Bom Yeoreum Gaeul Kyeoul (Hangul: 봄여름가을겨울; lit. Spring Summer Autumn Winter), also known as SSAW, was a jazz-rock fusion band from South Korea. 

SSAW debuted in 1988.  It had the hit songs, "Bravo, My Life," and "Somebody's Dream." SSAW  disbanded on December 28, 2018, following the death of member Tae-gwan.

History

1980s
In 1986, Jong Jin-sim, Tae-kwan Jeon, Jae-ha Yoo, and Ki-ho Jang formed a group named Bom Yeoreum Gaeul Kyeoul (meaning "spring, summer, fall, winter" in Korean) with Kim Hyun-sik.

Jae-ha Yoo left the band, Seong-shik Park joined, and they released a record, Hyeon-shik Kim and Bom Yeo-reum Gaeul Kyeo-ul. The album carries a song “Lonely afternoon,” composed by Jong-jin Kim.

In 1988, Jong-jin Kim and Tae-kwan Jeon split off and released their first record, Bom Yeoreum Gaeul Kyeoul. Three songs of the 10 were instrumental works. SSAW  was the first group to make an instrumental work a title song in Korea. Other popular songs in this album included "Everyone is likely to change" and "All-the-time happy people.”

In 1989, SSAW released its second record, titled What if my beautiful song could make your heart pure. The songs “Somebody’s dream," “Seventeen and twenty four,” and “Being in my arms” ranked No. 1 in the underground chart.

1990s
In 1991, SSAW  released Korea's first true live album, titled Bom Yeo-reum Gaeul Kyeo-ul Live. With its successful sales amounting to over 1 million, this album opened a new chapter for a live album in the South Korean music industry.
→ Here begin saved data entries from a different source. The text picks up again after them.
Section SylvesterTerms.
Variables (R : comPzSemiRingType) (m n : nat) (a b : nat -> R).
Hypotheses (a_eq0 : forall k, (m < k)%N -> a k = 0) (b_eq0 : forall k, (n < k)%N -> b k = 0).
Local Notation N := (m + n)%N.
Local Notation M := (sylvester m n a b).

Lemma sylvesterE (t c : 'I_N) :
  M t c = if (t < n)%N then band a t c else band b (t - n) c.
Proof.
have band_cut (d : nat -> R) B o k : (forall k, (B < k)%N -> d k = 0) ->
    (if ((o <= k) && (k <= o + B))%N then d (k - o)%N else 0) = band d o k.
  move=> d_eq0; rewrite /band; case: (leqP o k) => //= le_ok.
  by case: leqP => // lt_k; rewrite d_eq0 //; lia.
by rewrite mxE; case: ifP => _; apply: band_cut.
Qed.

Definition arow (r : 'I_n) : 'I_N := cast_ord (addnC n m) (lshift m r).
Definition brow (i : 'I_m) : 'I_N := cast_ord (addnC n m) (rshift n i).

Lemma big_rows (T : Type) (idx : T) (op : Monoid.com_law idx) (F : 'I_N -> T) :
  \big[op/idx]_(t < N) F t =
  op (\big[op/idx]_(r < n) F (arow r)) (\big[op/idx]_(i < m) F (brow i)).
Proof.
rewrite (reindex (cast_ord (addnC n m))) /=; last first.
  by exists (cast_ord (addnC m n)) => t _; apply: val_inj.
exact: big_split_ord.
Qed.

Lemma sylvester_arow r c : M (arow r) c = band a r c.
Proof. by rewrite sylvesterE /= ltn_ord. Qed.

Lemma sylvester_brow i c : M (brow i) c = band b i c.
Proof. by rewrite sylvesterE /= ltnNge leq_addr addKn. Qed.

Definition perm_term (s : 'S_N) := \prod_(t < N) M t (s t).

(* The term of the block-sorted permutation sending b-row i to column i + l i
   and a-row r to column r + #|{i | l i <= r}|. *)
Definition path_term (l : 'I_m -> nat) :=
  \prod_(r < n) a (\sum_(i < m) (l i <= r))%N * \prod_(i < m) b (l i).

Definition displacement (s : 'S_N) := (\sum_(t < N) t * s t)%N.

Definition block_sorted (s : 'S_N) :=
  forall t1 t2 : 'I_N, (t1 < t2)%N -> (t1 < n)%N = (t2 < n)%N -> (s t1 < s t2)%N.

Lemma displacement_ub s : (displacement s <= N * (N * N))%N.
Proof.
apply: (@leq_trans (\sum_(t < N) N * N)); last by rewrite sum_nat_const card_ord.
by apply: leq_sum => t _; rewrite leq_mul // ltnW.
Qed.

Hypotheses (a_lc : log_concave a) (b_lc : log_concave b).
(* For all $n\ge2$, $\mathfrak a_2^\pi(n)=\{g\in\mathfrak{so}(2^n): gZ^{\otimes n}=Z^{\otimes n}g\}$.
   Context: Pauli matrices $I,X,Y,Z$; $A_iB_j$ ($i\ne j$) denotes the length-$n$ Pauli string with $A$ at position $i$, $B$ at position $j$, $I$ elsewhere. $\mathfrak{so}(N)$ is the Lie algebra of real skew-symmetric $N\times N$ matrices. For a set $S$ of Pauli strings, $\mathrm{Lie}\langle S\rangle$ is the smallest real Lie subalgebra of $\mathfrak u(2^n)$ containing $\{iP:P\in S\}$. $\mathfrak a_2^\pi(n)=\mathrm{Lie}\langle X_iY_j,\,Y_iX_j:1\le i\ne j\le n\rangle$. *)

From HB Require Import structures.
From mathcomp Require Import all_boot all_order all_algebra all_field.
Set Implicit Arguments. Unset Strict Implicit. Unset Printing Implicit Defensive.
Import Order.TTheory GRing.Theory Num.Theory.
Local Open Scope ring_scope.

(* Complex numbers: algC (algebraic complex numbers, closed under all
   operations needed here).  Qubit k of a basis index a : 'I_(2^n) is
   the k-th binary digit of a. *)

Inductive pauli := PI | PX | PY | PZ.

Definition bit (k a : nat) : bool := odd (a %/ 2 ^ k).

(* single-qubit Pauli matrices, entry (row a, column b), false = |0>, true = |1> *)
Definition pauli_entry (p : pauli) (a b : bool) : algC :=
  match p with
  | PI => if a == b then 1 else 0
  | PX => if a != b then 1 else 0
  | PY => if a == b then 0 else if b then - 'i else 'i
  | PZ => if a == b then (if a then -1 else 1) else 0
  end.

Definition pauli_string (n : nat) (s : 'I_n -> pauli) : 'M[algC]_(2 ^ n) :=
  \matrix_(a < 2 ^ n, b < 2 ^ n) \prod_(k < n) pauli_entry (s k) (bit k a) (bit k b).

Definition two_site (n : nat) (A B : pauli) (i j : 'I_n) : 'M[algC]_(2 ^ n) :=
  pauli_string (fun k => if k == i then A else if k == j then B else PI).

Definition Zall (n : nat) : 'M[algC]_(2 ^ n) := pauli_string (fun _ => PZ).

Inductive lie_closure (N : nat) (S : 'M[algC]_N -> Prop) : 'M[algC]_N -> Prop :=
  | lie_base g : S g -> lie_closure S g
  | lie_zero : lie_closure S 0
  | lie_add g h : lie_closure S g -> lie_closure S h -> lie_closure S (g + h)
  | lie_scale (r : algC) g : r \is Num.real -> lie_closure S g -> lie_closure S (r *: g)
  | lie_bracket g h : lie_closure S g -> lie_closure S h ->
      lie_closure S (g *m h - h *m g).

Definition a2pi_gens (n : nat) (g : 'M[algC]_(2 ^ n)) : Prop :=
  exists i j : 'I_n, i != j /\
    (g = 'i *: two_site PX PY i j \/ g = 'i *: two_site PY PX i j).

Definition a2pi (n : nat) : 'M[algC]_(2 ^ n) -> Prop := lie_closure (@a2pi_gens n).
Among the new songs listed in this album, "I can walk alone though feeling lonely” and “It’s Fall” are most well known.

In 1992, SSAW worked on its 3rd album, Joke, lie, and truth”in the United States, a first for Korean singers.  The album had a 10-page spread jacket containing photographer Jung-man Kim's photos in New York. “Opening the 10 year ago diary” and “An outsider” are the most representative songs included in this album.

In 1993, SSAW  released the 4th album, I Photograph to Remember .  “About eternity” and “The past story about the lost bicycle” included in this album were popular songs.

In 1994, the 5th record Mystery”was released. The album begins with a Morse code signal conveying a message, “we wanna go back to the past”. Songs included “The beauty” which was a remade song sung by Jung-hyeon Shin originally and “2:05 am.”

In 1996, the 6th record, Banana Shake was released in celebration of the group's 10th anniversary which came out with a canned case. It was the first attempt to make a CD case in a can-like look in Korea.  Singers  Hae-cheol Shin, Hyeon-do Lee, Ju-no Lee, and So-ra Lee participated in this album . The most popular songs in this album are “Banana shake” and “When things are not going well.”

In 1998, the group released the album, Best of the Best. This album is composed of 2 CDs: one is a compilation of songs; the other is that of instrumental works which had been released through the past records. “Bom Yeo-reum Gaeul Kyeo-ul” and “All-the-time happy people” were remade by a new arrangement. The album includes a new song “Always, it’s winter.”

2000s
In 2000, SSAW released “SSaW LIVE!” a video of a limited edition, producing only 2000 copies. The video was a recording of the live concert held in the round rotating stage at the Culture & Sports Complex on December 31, 1999.

In 2002, SSAW's  7th official record, Bravo, My Life! was released. On the Internet, “Too old to rock'n'roll, too young to die” and “Come back to me” were released as a hidden track. Singers Hee-yeol Yoo, Hyeong-cheol Kim, Sang Yoon, and Jeok Lee participated in this album. “Bravo, My Life!” and “Conciliatory sonata” were popular songs.

In 2003, “Best of the Best” was re-released in a form of photo album by Jung-man Kim, renamed as “BEST OF THE BEST BOM YEO-REUM GAEUL KYEO-UL SONGS, INSTRUMENTAL AND THEIR STORY.” In September, the CD having songs and the one having instrumental works were released separately.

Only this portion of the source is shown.